Data provided:
============================================================

Lemma frob_fixed_root_comp e : frob e x = x ->
  [/\ frob e theta = theta, frob e alpha = alpha & frob e beta = beta].
Proof.
move=> fixed_x; have fixed_k c : frob k (iota c) = iota c.
  by rewrite frob_iota -dimL frob_dim_full.
have fixed_n_theta : frob n theta = theta.
  by apply/frob_fixed_adjoinP; rewrite dim_adjoin_theta.
have moved_theta : frob 1 theta != theta.
  by apply/eqP => /frob_fixed_adjoinP; rewrite dim_adjoin_theta dvdn1 gtn_eqF.
have thetaE : theta = iota alpha * x + iota beta.
  by rewrite /x mulrC divfK ?fmorph_eq0 // subrK.
have nz_iota_alpha : iota alpha != 0 by rewrite fmorph_eq0.
have [-> fa fb] := frob_fixed_affine coprime_nk (fixed_k _) (fixed_k _)
  nz_iota_alpha fixed_n_theta moved_theta thetaE fixed_x.
by split=> //; apply: (fmorph_inj iota); rewrite -frob_iota.
Qed.

Lemma dvdn_frob_fixed_root_comp e : <<<<1%VS; alpha>>; beta>>%VS = fullv ->
  frob e x = x -> (n * k %| e)%N.
Proof.
move=> gen /frob_fixed_root_comp[fixed_theta fixed_alpha fixed_beta].
rewrite Gauss_dvd //; apply/andP; split.
  by rewrite -dim_adjoin_theta; apply/frob_fixed_adjoinP.
rewrite -dimL -gen; apply/(frob_fixed_subfieldP <<<<1; alpha>>; beta>>%AS).
exact: frob_fix_adjoin (frob_fix_adjoin (frob_fix1 e) fixed_alpha) fixed_beta.
Qed.

Lemma irreducible_of_adjoin_full (P : {poly F}) :
  <<<<1%VS; alpha>>; beta>>%VS = fullv ->
  map_poly (in_alg L) P = \prod_(a < k) frob_poly a g -> irreducible_poly P.
Proof.
move=> gen DP; have k_gt0 : (0 < k)%N by rewrite -dimL adim_gt0.
have size_P : size P = (n * k).+1.
  by rewrite -(size_map_poly (in_alg L)) DP (size_prod_frob_poly _ size_comp_affine).
have P_x := root_prod_frob_poly k_gt0 DP.
apply: irreducible_root_dim P_x _; first by rewrite -size_poly_gt0 size_P.
rewrite size_P ltnS dvdn_leq ?adim_gt0 // (dvdn_frob_fixed_root_comp gen) //.
exact/frob_fixed_adjoinP.
Qed.

Lemma adjoin_full_of_irreducible (P : {poly F}) : irreducible_poly P ->
  map_poly (in_alg L) P = \prod_(a < k) frob_poly a g ->
  <<<<1%VS; alpha>>; beta>>%VS = fullv.
Proof.
move=> irr_P DP; have k_gt0 : (0 < k)%N by rewrite -dimL adim_gt0.
have size_P : size P = (n * k).+1.
  by rewrite -(size_map_poly (in_alg L)) DP (size_prod_frob_poly _ size_comp_affine).
pose S := <<<<1; alpha>>; beta>>%AS; pose d := \dim S.
have fixed_S : {in S, forall z, frob (d * n) z = z}.
  by apply/frob_fixed_subfieldP; rewrite dvdn_mulr.
have fixed_alpha : frob (d * n) alpha = alpha.
  by apply/fixed_S/(subvP (subv_adjoin _ beta))/memv_adjoin.
have fixed_beta : frob (d * n) beta = beta by apply/fixed_S/memv_adjoin.
have fixed_theta : frob (d * n) theta = theta.
  by apply/frob_fixed_adjoinP; rewrite dim_adjoin_theta dvdn_mull.
have /frob_fixed_adjoinP : frob (d * n) x = x.
  by rewrite fmorph_div rmorphB /= !frob_iota fixed_alpha fixed_beta fixed_theta.
rewrite (dim_adjoin_irreducible irr_P (root_prod_frob_poly k_gt0 DP)) size_P /=.
rewrite [(d * n)%N]mulnC dvdn_pmul2l ?(ltnW n_gt1) // => /(dvdn_leq (adim_gt0 S)) le_kd.
by apply/eqP; rewrite eqEdim subvf dimL.
Qed.

End AffineComposition.

Lemma exists_root_ext (F : finFieldType) (L : fieldExtType F) (f : {poly F}) :
  (1 < size f)%N ->
  exists (E : fieldExtType F) (iota : {rmorphism L -> E}) (theta : E),
    (forall c : F, iota c%:A = c%:A) /\ root (map_poly (in_alg E) f) theta.
Proof.
move=> size_f; pose fL := map_poly (in_alg L) f : {poly FinFieldExtType L}.
have nz_fL : fL != 0 by rewrite map_poly_eq0 -size_poly_gt0 ltnW.
have [M [rs Drs _]] := FinSplittingFieldFor nz_fL.
have size_fM : size (map_poly (in_alg M) fL) = size f by rewrite !size_map_poly.
case: rs Drs => [|z rs] Drs.
  move/eqp_size: Drs; rewrite big_nil size_poly1 size_fM => size_f1.
  by rewrite size_f1 in size_f.
exists (baseFieldType M), (in_alg M), z; split=> //.
have : root (map_poly (in_alg M) fL) z.
  by rewrite (eqp_root Drs) root_prod_XsubC mem_head.
by rewrite -map_poly_comp.
Qed.

Theorem theorem1 (F : finFieldType) (L : fieldExtType F) (n k : nat)
  (f : {poly F}) (alpha beta : L) :
  (1 < n)%N -> (1 <= k)%N -> coprime n k -> \dim {:L} = k ->
  irreducible_poly f -> size f = n.+1 -> alpha != 0 ->
  let g := map_poly (in_alg L) f \Po ('X * alpha%:P + beta%:P) in
  let FF := \prod_(a < k) frob_poly a g in
  size FF = (n * k).+1 /\
  FF \is a polyOver (1%VS : {vspace L}) /\
  (forall P : {poly F}, map_poly (in_alg L) P = FF ->
     (irreducible_poly P <-> <<<<1%VS; alpha>>; beta>>%VS = fullv)).
Proof.
move=> n_gt1 _ coprime_nk dimL irr_f size_f nz_alpha g FF.
have size_f_gt1 : (1 < size f)%N by rewrite size_f ltnW.
have [E [iota [theta [iota_alg f_theta]]]] := exists_root_ext L size_f_gt1.
split; first exact: (size_prod_frob_poly k (size_comp_affine beta size_f nz_alpha)).
split; first by rewrite /FF -dimL prod_frob_poly_over1.
move=> P DP; split=> [irr_P | gen].
  exact: (adjoin_full_of_irreducible iota_alg n_gt1 dimL irr_f size_f nz_alpha
           f_theta irr_P DP).
exact: (irreducible_of_adjoin_full iota_alg n_gt1 coprime_nk dimL irr_f size_f
         nz_alpha f_theta gen DP).
Qed.
Lemma determining_forcing_seq c s :
  forcing_seq e c s -> determining e c (~: [set x in s]).
Proof.
move=> fs; apply/forallP => c'; apply/implyP => /andP[pc' /forall_inP agree].
by apply/eqP; apply: forcing_seq_eq pc' fs _ => x xs; apply/eqP/agree; rewrite !inE.
Qed.

Lemma sn_forcing_seq c s : proper_col e c -> uniq s -> forcing_seq e c s ->
  sn e + size s <= #|T|.
Proof.
move=> pc us fs; rewrite -(card_uniqP us) -cardsE -(cardsC [set x in s]) addnC.
by rewrite leq_add2l (sn_le_determining pc (determining_forcing_seq fs)).
Qed.

End CriticalSets.

Section Recolouring.
Variables (T : finType) (e : rel T) (k : nat).
Hypothesis sym_e : symmetric e.
Variables (c : {ffun T -> 'I_k}) (i : 'I_k).
Hypothesis pc : proper_col e c.

Definition missing_colour v := [pick l | (l != c v) && ~~ [exists x, e v x && (c x == l)]].

Definition recolour : {ffun T -> 'I_k} :=
  [ffun v => if c v == i then odflt (c v) (missing_colour v) else c v].

Lemma recolour_proper : proper_col e recolour.
Proof.
apply/properP => u v euv; rewrite !ffunE; have cuv := properP _ _ pc _ _ euv.
case: (eqVneq (c u) i) => [cu | cu]; case: (eqVneq (c v) i) => [cv | cv] //=.
- by move: cuv; rewrite cu cv eqxx.
- rewrite /missing_colour; case: pickP => [l /andP[_ /existsPn nl] | _] /=.
    by apply: contraTneq (nl v) => <-; rewrite euv eqxx.
  by rewrite cu eq_sym.
- rewrite /missing_colour; case: pickP => [l /andP[_ /existsPn nl] | _] /=.
    by apply: contraTneq (nl u) => ->; rewrite sym_e euv eqxx.
  by rewrite cv.
Qed.

Lemma recolour_eq v : recolour v = i -> c v = i /\ b_vertex e c v.
Proof.
rewrite ffunE; case: (eqVneq (c v) i) => [cv | cv /eqP] /=; last by rewrite (negbTE cv).
rewrite /missing_colour; case: pickP => [l /andP[lv _] /= li | none _].
  by move: lv; rewrite li cv eqxx.
split=> //; apply/forallP => l; apply/implyP => lv.
by have := none l; rewrite lv => /negbFE.
Qed.

End Recolouring.

Section LoneBVertex.
Variables (T : finType) (e : rel T).
Hypothesis sym_e : symmetric e.

(* Every vertex of colour i other than a b-vertex can move to a colour missing
   from its neighbourhood, which leaves f alone in class i. *)
Lemma chi_delete_lone_b_vertex (c : {ffun T -> 'I_(chi e)}) i f :
  proper_col e c -> 1 < #|T| -> (forall v, c v = i -> b_vertex e c v -> v = f) ->
  chi (induced e (~: [set f])) < chi e.
Proof.
move=> pc n_gt1 lone.
have [x0 x0f] : exists x0, x0 \in ~: [set f].
  by apply/card_gt0P; rewrite cardsC1 -ltnS prednK // (leq_trans _ n_gt1).
apply: (chi_induced_lt (recolour_proper sym_e i pc) x0f) => v.
rewrite !inE; apply: contraNneq => /(recolour_eq (c := c)) [cv bv].
exact/eqP/lone.
Qed.

End LoneBVertex.

Section TwoBVerticesPerClass.
Variables (T : finType) (e : rel T) (k : nat).
Hypotheses (sym_e : symmetric e) (irr_e : irreflexive e).
Variable c : {ffun T -> 'I_k}.
Hypothesis pc : proper_col e c.
Hypothesis another_b_vertex :
  forall (l : 'I_k) v, exists2 w, w != v & (c w == l) && b_vertex e c w.
Hypothesis no_forcing_triple :
  forall u1 u2 u3, uniq [:: u1; u2; u3] -> ~~ forcing_seq e c [:: u1; u2; u3].

Let adj_colour_neq x y : e x y -> c x != c y := properP _ _ pc x y.

Lemma same_colour_nonadj x y : c x = c y -> ~~ e x y.
Proof. by move=> cxy; apply/negP => /adj_colour_neq; rewrite cxy eqxx. Qed.

Lemma adj_neq x y : e x y -> x != y.
Proof. by apply: contraTneq => ->; rewrite irr_e. Qed.

Lemma neq_of_colour x y : c x != c y -> x != y.
Proof. by apply: contraNneq => ->. Qed.

Lemma no_forcing_triple_at u1 u2 u3 : u1 != u2 -> u1 != u3 -> u2 != u3 ->
  forced e c [:: u1; u2; u3] u1 -> forced e c [:: u2; u3] u2 -> b_vertex e c u3 -> False.
Proof.
move=> u12 u13 u23 f1 f2 b3; have := @no_forcing_triple u1 u2 u3.
rewrite /= !inE !negb_or u12 u13 u23 f1 f2 /= andbT => /(_ isT)/negP; apply.
apply: forced_b_vertex_isolated b3 _ => x.
by rewrite inE => /eqP->; rewrite irr_e.
Qed.

Section BVertexPair.
Variables a1 a2 : T.
Hypotheses (a12 : a1 != a2) (ca : c a2 = c a1).
Hypotheses (ba1 : b_vertex e c a1) (ba2 : b_vertex e c a2).

Let na1a2 : ~~ e a1 a2 := same_colour_nonadj (esym ca).

Lemma b_vertex_adj_pair b : b_vertex e c b -> c b != c a1 -> e a1 b || e a2 b.
Proof.
move=> bb cb; apply: contraT; rewrite negb_or => /andP[na1b na2b].
have a1b : a1 != b by rewrite eq_sym neq_of_colour.
have a2b : a2 != b by rewrite eq_sym neq_of_colour // ca.
exfalso; apply: (no_forcing_triple_at a12 a1b a2b) => //.
  apply: forced_b_vertex_isolated => // x; rewrite !inE => /or3P[] /eqP-> //.
  by rewrite irr_e.
apply: forced_b_vertex_isolated => // x; rewrite !inE => /orP[] /eqP-> //.
by rewrite irr_e.
Qed.

Lemma adj_b_vertex_colour_unique b y :
  b_vertex e c b -> e a1 b -> e a1 y -> c y = c b -> y = b.
Proof.
move=> bb a1b a1y cy; apply/eqP; apply: contraT => yb.
have cb : c b != c a1 by rewrite eq_sym adj_colour_neq.
have a1b' : a1 != b by rewrite adj_neq.
have ba2' : b != a2 by apply: neq_of_colour; rewrite ca.
exfalso; apply: (no_forcing_triple_at a1b' a12 ba2') => //.
  apply: forced_b_vertex => // x; rewrite !inE => /or3P[] /eqP-> a1x.
  - by rewrite irr_e in a1x.
  - exists y; last by rewrite a1y cy eqxx.
    rewrite !inE !negb_or yb eq_sym adj_neq //=.
    by apply: neq_of_colour; rewrite cy ca.
  - by move: na1a2; rewrite a1x.
apply: forced_b_vertex => // x; rewrite !inE => /orP[] /eqP-> bx.
  by rewrite irr_e in bx.
exists a1; first by rewrite !inE !negb_or a1b' a12.
by rewrite sym_e a1b ca eqxx.
Qed.

Lemma b_vertex_nbr_in_pair b y :
  b_vertex e c b -> e b y -> c y = c a1 -> (y == a1) || (y == a2).
Proof.
move=> bb eby cy; apply: contraT; rewrite negb_or => /andP[ya1 ya2].
have cb : c b != c a1 by rewrite -cy adj_colour_neq.
have ba1' : b != a1 := neq_of_colour cb.
have ba2' : b != a2 by apply: neq_of_colour; rewrite ca.
have yb : y \notin [:: b; a1; a2] by rewrite !inE !negb_or ya1 ya2 eq_sym (adj_neq eby).
exfalso; apply: (no_forcing_triple_at ba1' ba2' a12) => //.
  apply: forced_b_vertex => // x; rewrite !inE => /or3P[] /eqP-> bx.
  - by rewrite irr_e in bx.
  - by exists y; rewrite ?eby ?cy ?eqxx.
  - by exists y; rewrite ?eby ?cy ?ca ?eqxx.
apply: forced_b_vertex_isolated => // x; rewrite !inE => /orP[] /eqP-> //.
by rewrite irr_e.
Qed.

End BVertexPair.

Section BVertexPairComponent.
Variables a1 a2 : T.
Hypotheses (a12 : a1 != a2) (ca : c a2 = c a1).
Hypotheses (ba1 : b_vertex e c a1) (ba2 : b_vertex e c a2).

Let a21 : a2 != a1. Proof. by rewrite eq_sym. Qed.

Lemma b_vertex_nbr_unique b y :
  b_vertex e c b -> e a1 b -> e b y -> c y = c a1 -> y = a1.
Proof.
move=> bb a1b eby cy.
case/orP: (b_vertex_nbr_in_pair a12 ca ba1 ba2 bb eby cy) => /eqP // ya2; subst y.
have [b' b'b /andP[/eqP cb' bb']] := another_b_vertex (c b) b.
have cb'a1 : c b' != c a1 by rewrite cb' eq_sym adj_colour_neq.
case/orP: (b_vertex_adj_pair a12 ca ba1 ba2 bb' cb'a1) => [a1b' | a2b'].
  by move: b'b; rewrite (adj_b_vertex_colour_unique a12 ca ba1 ba2 bb a1b a1b' cb') eqxx.
have a2b : e a2 b by rewrite sym_e.
by move: b'b; rewrite (adj_b_vertex_colour_unique a21 (esym ca) ba2 ba1 bb a2b a2b' cb') eqxx.
Qed.

Lemma nbr_b_vertex x : e a1 x -> b_vertex e c x.
Proof.
move=> a1x; have [p px /andP[/eqP cp bp]] := another_b_vertex (c x) x.
have [q qp /andP[/eqP cq bq]] := another_b_vertex (c x) p.
suff [b [bb cb a1b]] : exists b, [/\ b_vertex e c b, c b = c x & e a1 b].
  by rewrite (adj_b_vertex_colour_unique a12 ca ba1 ba2 bb a1b a1x (esym cb)).
have cpa1 : c p != c a1 by rewrite cp eq_sym adj_colour_neq.
have cqa1 : c q != c a1 by rewrite cq eq_sym adj_colour_neq.
case/orP: (b_vertex_adj_pair a12 ca ba1 ba2 bp cpa1) => [a1p | a2p]; first by exists p.
case/orP: (b_vertex_adj_pair a12 ca ba1 ba2 bq cqa1) => [a1q | a2q]; first by exists q.
have cqp : c q = c p by rewrite cp cq.
by move: qp; rewrite (adj_b_vertex_colour_unique a21 (esym ca) ba2 ba1 bp a2p a2q cqp) eqxx.
Qed.

Lemma nbr_nonadj_twin x : e a1 x -> ~~ e a2 x.
Proof.
move=> a1x; apply/negP => a2x; have xa2 : e x a2 by rewrite sym_e.
by move: a12; rewrite -(b_vertex_nbr_unique (nbr_b_vertex a1x) a1x xa2 ca) eqxx.
Qed.

Lemma nbr_closed u y : e a1 u -> e u y -> (y == a1) || e a1 y.
Proof.
move=> a1u uy; have bu := nbr_b_vertex a1u.
have [cy | cy] := eqVneq (c y) (c a1).
  by rewrite (b_vertex_nbr_unique bu a1u uy cy) eqxx.
have [z a1z cz] : exists2 z, e a1 z & c z = c y.
  by have /existsP[z /andP[a1z /eqP cz]] := implyP (forallP ba1 (c y)) cy; exists z.
have bz := nbr_b_vertex a1z.
have uz : e u z.
  apply: contraT => nuz; exfalso.
  have cu : c u != c a1 by rewrite eq_sym adj_colour_neq.
  have a2u : a2 != u by apply: neq_of_colour; rewrite ca eq_sym.
  have a2z : a2 != z by apply: neq_of_colour; rewrite ca cz eq_sym.
  have u_neq_z : u != z by apply: neq_of_colour; rewrite cz adj_colour_neq.
  apply: (no_forcing_triple_at a2u a2z u_neq_z) => //.
    apply: forced_b_vertex_isolated => // w; rewrite !inE => /or3P[] /eqP->.
    - by rewrite irr_e.
    - exact: nbr_nonadj_twin.
    - exact: nbr_nonadj_twin.
  apply: forced_b_vertex_isolated => // w; rewrite !inE => /orP[] /eqP-> //.
  by rewrite irr_e.
have [u' u'u /andP[/eqP cu' bu']] := another_b_vertex (c u) u.
have uu' : u != u' by rewrite eq_sym.
by rewrite (adj_b_vertex_colour_unique uu' cu' bu bu' bz uz uy (esym cz)) a1z orbT.
Qed.

Lemma b_vertex_pair_disconnected : ~~ connect e a1 a2.
Proof.
pose Q := [set x | (x == a1) || e a1 x].
have clQ : closed e Q.
  apply: (intro_closed (sym_connect_sym sym_e)) => x y xy; rewrite !inE.
  by case/orP => [/eqP<- | a1x]; [rewrite xy orbT | apply: nbr_closed a1x xy].
apply/negP => /(closed_connect clQ); rewrite !inE eqxx eq_sym (negbTE a12) /=.
by rewrite (negbTE (same_colour_nonadj (esym ca))).
Qed.

End BVertexPairComponent.

End TwoBVerticesPerClass.

Theorem lemma1 (T : finType) (e : rel T) :
  symmetric e -> irreflexive e -> connected e ->
  sn e + 2 = #|T| -> ivs_chi e = 1.
Proof.
move=> sym_e irr_e conn sn_n.
have n_gt1 : 1 < #|T| by rewrite -sn_n addn2.
have /card_gt0P[v0 _] := ltnW n_gt1.
have /existsP[c pc] := colourable_chi irr_e.
have no_triple u1 u2 u3 : uniq [:: u1; u2; u3] -> ~~ forcing_seq e c [:: u1; u2; u3].
  by move=> uniq_u; apply/negP => /(sn_forcing_seq pc uniq_u); rewrite -sn_n leq_add2l.
case: (boolP [forall l, forall v, exists w, [&& w != v, c w == l & b_vertex e c w]]).
  move=> /forallP many.
  have another l v : exists2 w, w != v & (c w == l) && b_vertex e c w.
    by have /existsP[w /and3P[wv cw bw]] := forallP (many l) v; exists w; rewrite ?cw.
  have [a1 _ /andP[/eqP ca1 ba1]] := another (c v0) v0.
  have [a2 a21 /andP[/eqP ca2 ba2]] := another (c v0) a1.
  have a12 : a1 != a2 by rewrite eq_sym.
  have ca : c a2 = c a1 by rewrite ca1 ca2.
  have := b_vertex_pair_disconnected sym_e irr_e pc another no_triple a12 ca ba1 ba2.
  by rewrite conn.
move=> /forallPn[i /forallPn[f /existsPn lone]].
apply: (ivs_chi_eq1 irr_e (f := f)).
apply: (chi_delete_lone_b_vertex sym_e (i := i) pc n_gt1) => v cv bv.
by apply/eqP; apply: contraNT (lone v) => vf; rewrite vf cv eqxx bv.
Qed.
(* Let $A$ be a Banach algebra, $\phi\in\Delta(A)$, and $I$ a closed two-sided ideal of $A$ with $\phi|_I\neq0$. If $A$ is approximately left $\phi$-biprojective, then $I$ is approximately left $\phi|_I$-biprojective.
   Context: $\Delta(A)$ is the set of characters of $A$; $A\otimes_pA$ is the projective tensor product with $a\cdot(b\otimes c)=ab\otimes c$, $(b\otimes c)\cdot a=b\otimes ca$, $\pi_A(a\otimes b)=ab$. For a Banach algebra $A$ and $\phi\in\Delta(A)$, $A$ is approximately left $\phi$-biprojective if there is a net $(\rho_\alpha)$ of bounded linear maps $A\to A\otimes_pA$ such that for all $a,x\in A$: $\|a\cdot\rho_\alpha(x)-\rho_\alpha(ax)\|\to0$, $\|\rho_\alpha(xa)-\phi(a)\rho_\alpha(x)\|\to0$, and $\phi(\pi_A(\rho_\alpha(x)))-\phi(x)\to0$. *)

From Stdlib Require Import Reals ClassicalEpsilon.
Open Scope R_scope.
Set Implicit Arguments.

Record Cplx := mkC { Cre : R; Cim : R }.
Definition C0 : Cplx := mkC 0 0.
Definition C1 : Cplx := mkC 1 0.
Definition Cadd (z w : Cplx) : Cplx := mkC (Cre z + Cre w) (Cim z + Cim w).
Definition Copp (z : Cplx) : Cplx := mkC (- Cre z) (- Cim z).
Definition Csub (z w : Cplx) : Cplx := Cadd z (Copp w).
Definition Cmul (z w : Cplx) : Cplx :=
  mkC (Cre z * Cre w - Cim z * Cim w) (Cre z * Cim w + Cim z * Cre w).
Definition Cnorm (z : Cplx) : R := sqrt (Cre z * Cre z + Cim z * Cim z).

Record BanachSpace := {
  bcar :> Type;
  bzero : bcar;
  badd : bcar -> bcar -> bcar;
  bopp : bcar -> bcar;
  bscal : Cplx -> bcar -> bcar;
  bnorm : bcar -> R;
  badd_assoc : forall x y z, badd x (badd y z) = badd (badd x y) z;
  badd_comm : forall x y, badd x y = badd y x;
  badd_0 : forall x, badd bzero x = x;
  badd_opp : forall x, badd x (bopp x) = bzero;
  bscal_1 : forall x, bscal C1 x = x;
  bscal_assoc : forall a b x, bscal a (bscal b x) = bscal (Cmul a b) x;
  bscal_addv : forall a x y, bscal a (badd x y) = badd (bscal a x) (bscal a y);
  bscal_adds : forall a b x, bscal (Cadd a b) x = badd (bscal a x) (bscal b x);
  bnorm_eq0 : forall x, bnorm x = 0 -> x = bzero;
  bnorm_triangle : forall x y, bnorm (badd x y) <= bnorm x + bnorm y;
  bnorm_scal : forall a x, bnorm (bscal a x) = Cnorm a * bnorm x;
  bcomplete : forall u : nat -> bcar,
    (forall eps, 0 < eps -> exists N, forall m n, (N <= m)%nat -> (N <= n)%nat ->
        bnorm (badd (u m) (bopp (u n))) < eps) ->
    exists l, forall eps, 0 < eps -> exists N, forall n, (N <= n)%nat ->
        bnorm (badd (u n) (bopp l)) < eps
}.
Arguments bzero {_}. Arguments badd {_}. Arguments bopp {_}.
Arguments bscal {_}. Arguments bnorm {_}.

============================================================

Exercise directions: Your task is to transcribe, with no changes, only the lines of the listing above that lie between the line holding "pose Q := [set x | (x == a1) || e a1 x]." and the line holding "by case/orP =>", inclusive.

Exercise result:
pose Q := [set x | (x == a1) || e a1 x].
have clQ : closed e Q.
  apply: (intro_closed (sym_connect_sym sym_e)) => x y xy; rewrite !inE.
  by case/orP => [/eqP<- | a1x]; [rewrite xy orbT | apply: nbr_closed a1x xy].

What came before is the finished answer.